Before starting, I watched a “Watercolor Portraits for Beginners” video on YouTube. It helped with picking out some initial tubes of paint: sepia, burnt sienna, and a dark violet. Then I began adding other warmer colors – and eventually mixed my own violet by combining permanent Alizarian crimson with Grecian blue and lamp black.
I would really like to deep-dive in watercolor pigments and understand the qualities and differences of the major colors. A while back I read The Alchemy of Paint, and while it was more about alchemy than painting (mostly mysticism and the philosopher’s stone, 10/10 would recommend the book), it did discuss pigment recipes (albeit medieval times pigments, not modern watercolors). That kind of history appeals to me – I like going down rabbit holes of research, learning how things are put together. ^_^
The right page above is from December – one of my Christmas gifts from family was an Ohuhu skin tone marker set. I still have some face sketches in the corner to finish, but that shall have to wait for a future post.

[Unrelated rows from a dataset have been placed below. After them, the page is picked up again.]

(* Let $(X,\widetilde{\tau},\mathfrak{a}_E,E)$ be a soft aura topological space. The collection $\widetilde{\tau}_{\mathfrak{a}}=\{(G,E)\in\mathrm{SS}(X,E):\mathrm{int}_{\mathfrak{a}}(G,E)=(G,E)\}$ is a soft topology on $X$ with parameter set $E$.
   Context: Let $X$ be a nonempty set and $E$ a nonempty parameter set. A soft set over $X$ is a map $F:E\to\mathcal{P}(X)$, written $(F,E)$; $\mathrm{SS}(X,E)$ denotes all soft sets. Operations ($\sqsubseteq$, soft union $\sqcup$, soft intersection $\sqcap$) are parameterwise. A soft topology is a subfamily of $\mathrm{SS}(X,E)$ containing the null soft set $\widetilde{\Phi}$ (all values $\emptyset$) and the absolute soft set $\widetilde{X}$ (all values $X$), closed under arbitrary soft unions and finite soft intersections. A soft scope function on a soft topology $\widetilde{\tau}$ is a map $\mathfrak{a}_E:X\to\widetilde{\tau}$ with $x\in\mathfrak{a}_E(x)(e)$ for all $x\in X$, $e\in E$; $(X,\widetilde{\tau},\mathfrak{a}_E,E)$ is a soft aura topological space. Soft aura-interior: $\mathrm{int}_{\mathfrak{a}}(G,E)(e)=\{x\in X:\mathfrak{a}_E(x)(e)\subseteq G(e)\}$. *)

Definition soft_set (X E : Type) : Type := E -> X -> Prop.

Definition soft_subset {X E : Type} (F G : soft_set X E) : Prop :=
  forall e x, F e x -> G e x.

Definition null_soft {X E : Type} : soft_set X E := fun _ _ => False.
Definition absolute_soft {X E : Type} : soft_set X E := fun _ _ => True.

Definition soft_Union {X E : Type} (S : soft_set X E -> Prop) : soft_set X E :=
  fun e x => exists F, S F /\ F e x.

Definition soft_inter {X E : Type} (F G : soft_set X E) : soft_set X E :=
  fun e x => F e x /\ G e x.

Definition soft_eq {X E : Type} (F G : soft_set X E) : Prop :=
  forall e x, F e x <-> G e x.

(* A soft topology: a family of soft sets containing the null and absolute
   soft sets, closed under arbitrary soft unions and finite (binary) soft
   intersections (binary closure is equivalent to finite closure given
   that the absolute soft set belongs to tau). *)
Definition soft_topology {X E : Type} (tau : soft_set X E -> Prop) : Prop :=
  tau null_soft /\
  tau absolute_soft /\
  (forall S : soft_set X E -> Prop,
      (forall F, S F -> tau F) -> tau (soft_Union S)) /\
  (forall F G, tau F -> tau G -> tau (soft_inter F G)).

Definition soft_scope {X E : Type} (tau : soft_set X E -> Prop)
  (a : X -> soft_set X E) : Prop :=
  (forall x, tau (a x)) /\ (forall x e, a x e x).

Definition soft_aura_int {X E : Type} (a : X -> soft_set X E)
  (G : soft_set X E) : soft_set X E :=
  fun e x => forall y, a x e y -> G e y.

Definition tau_aura {X E : Type} (a : X -> soft_set X E) (G : soft_set X E) : Prop :=
  soft_eq (soft_aura_int a G) G.


(* Since x lies in every a x e, the aura interior is deflationary, so its
   fixed points are exactly the soft sets G with G below int_a G.  As int_a
   is monotone, this condition passes to arbitrary soft unions and to soft
   intersections. *)

Section AuraInterior.

Context {X E : Type} {a : X -> soft_set X E}.
Hypothesis a_refl : forall x e, a x e x.

Lemma soft_aura_int_sub (G : soft_set X E) :
  soft_subset (soft_aura_int a G) G.
Proof. intros e x HG; exact (HG x (a_refl x e)). Qed.

Lemma soft_aura_int_mono {F G : soft_set X E} :
  soft_subset F G -> soft_subset (soft_aura_int a F) (soft_aura_int a G).
Proof. intros FG e x HF y Hy; exact (FG e y (HF y Hy)). Qed.

Lemma tau_auraP (G : soft_set X E) :
  tau_aura a G <-> soft_subset G (soft_aura_int a G).
Proof.
  split.
  - intros HG e x Gx; exact (proj2 (HG e x) Gx).
  - intros HG e x; split; [apply soft_aura_int_sub | apply HG].
Qed.

Lemma tau_aura_null : tau_aura a null_soft.
Proof. apply tau_auraP; intros e x []. Qed.

Lemma tau_aura_absolute : tau_aura a absolute_soft.
Proof. apply tau_auraP; intros e x _ y _; exact I. Qed.

Lemma tau_aura_Union (S : soft_set X E -> Prop) :
  (forall F, S F -> tau_aura a F) -> tau_aura a (soft_Union S).
Proof.
  intros HS; apply tau_auraP; intros e x [F [SF Fx]].
  assert (F_sub_Union : soft_subset F (soft_Union S))
    by (intros e' x' Fx'; exists F; split; assumption).
  apply (soft_aura_int_mono F_sub_Union).
  exact (proj1 (tau_auraP F) (HS F SF) e x Fx).
Qed.

Lemma tau_aura_inter (F G : soft_set X E) :
  tau_aura a F -> tau_aura a G -> tau_aura a (soft_inter F G).
Proof.
  intros HF HG; apply tau_auraP; intros e x [Fx Gx] y Hy; split.
  - exact (proj1 (tau_auraP F) HF e x Fx y Hy).
  - exact (proj1 (tau_auraP G) HG e x Gx y Hy).
Qed.

End AuraInterior.

Theorem theorem3p13 (X E : Type) (hX : inhabited X) (hE : inhabited E)
  (tau : soft_set X E -> Prop) (a : X -> soft_set X E) :
  soft_topology tau -> soft_scope tau a ->
  soft_topology (tau_aura a).
Proof.
  intros _ [_ a_refl].
  split; [| split; [| split]].
  - exact (tau_aura_null a_refl).
  - exact (tau_aura_absolute a_refl).
  - exact (tau_aura_Union a_refl).
  - exact (tau_aura_inter a_refl).
Qed.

I’m hoping the top layer of ink outlines helps bring the painting together, especially the details of the face. I’m not quite ready to ink yet – I want to deepen shadows on the chemise just a bit, plus the background shadows/shadow under the figure. I am still tempted to add a layer of colored pencil shading but…no, that might not layer in the way I want, becoming waxy and oddly textured. Maybe I can test on a scrap piece of paper before deciding? I am also so tempted to put shimmery gold paint on the wall’s gold trim and her gold slippers, but it would probably clash with the rest of the painting. I could test that out too…
I’m very happy with how the painting of chemise turned out – I went so much faster, letting the water flow and blend. It helps it’s a bigger surface area – less worry about messing up the shape of the face or hands.
Finished a little earlier tonight – 9pm, yay! Gonna go see if Ricky is up for some Jonathan Strange and Mr. Norrell.